• _Task to complete_
Give again, word for word, each line from the top of the listing through the line that holds "- exfalso; apply Hj; left; reflexivity.".

• _Provided information_
Lemma drop_index_notin (j : nat) (Js : list nat) : ~ In j Js -> drop_index j Js = Js.
Proof.
  intros Hj. unfold drop_index. induction Js as [|i Js IH]; simpl; [reflexivity|].
  destruct (Nat.eqb_spec j i) as [->|_]; simpl.
  - exfalso; apply Hj; left; reflexivity.
  - f_equal. apply IH. intros H; apply Hj; right; exact H.
Qed.

Lemma prodl_drop_index (h : nat -> nat) (j : nat) (Js : list nat) : NoDup Js ->
  prodl (map h Js) =
  (if in_dec Nat.eq_dec j Js then h j else 1) * prodl (map h (drop_index j Js)).
Proof.
  induction Js as [|i Js IH]; intros HJ; [reflexivity|].
  apply NoDup_cons_iff in HJ as [Hi HJ].
  unfold drop_index in *. simpl. destruct (Nat.eqb_spec j i) as [->|Hji]; simpl.
  - destruct (Nat.eq_dec i i) as [_|]; [|contradiction].
    fold (drop_index i Js). rewrite (drop_index_notin i Js Hi). lia.
  - rewrite (IH HJ). destruct (Nat.eq_dec i j) as [Heq|Hne]; [congruence|].
    destruct (in_dec Nat.eq_dec j Js); simpl; lia.
Qed.

Section DigitBlocks.
(* The digit positions are partitioned into blocks, position s lying in
   block [blk s]; we count the numbers having digit b somewhere in each block
   of a given list. *)
Variable blk : nat -> nat.
Variable b : bool.

Definition block_size (P j : nat) : nat :=
  length (filter (fun s => blk s =? j) (seq 0 P)).

Definition hits (P j x : nat) : bool :=
  existsb (fun s => (blk s =? j) && Bool.eqb (bit s x) b) (seq 0 P).

Definition hits_all (P : nat) (Js : list nat) (x : nat) : bool :=
  forallb (fun j => hits P j x) Js.

Lemma block_size_S (P j : nat) :
  block_size (S P) j = block_size P j + (if blk P =? j then 1 else 0).
Proof.
  unfold block_size. rewrite seq_S, filter_app, length_app. simpl.
  destruct (blk P =? j); reflexivity.
Qed.

Lemma hits_S (P j q y : nat) : y < 2 ^ P ->
  hits (S P) j (q * 2 ^ P + y) = hits P j y || (blk P =? j) && Bool.eqb (Nat.odd q) b.
Proof.
  intros Hy. unfold hits. rewrite seq_S, existsb_app. simpl.
  rewrite bit_top, orb_false_r by exact Hy. f_equal.
  apply existsb_ext_in. intros s Hs. apply in_seq in Hs.
  rewrite bit_low by lia. reflexivity.
Qed.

• _Solved problem_
Lemma drop_index_notin (j : nat) (Js : list nat) : ~ In j Js -> drop_index j Js = Js.
Proof.
  intros Hj. unfold drop_index. induction Js as [|i Js IH]; simpl; [reflexivity|].
  destruct (Nat.eqb_spec j i) as [->|_]; simpl.
  - exfalso; apply Hj; left; reflexivity.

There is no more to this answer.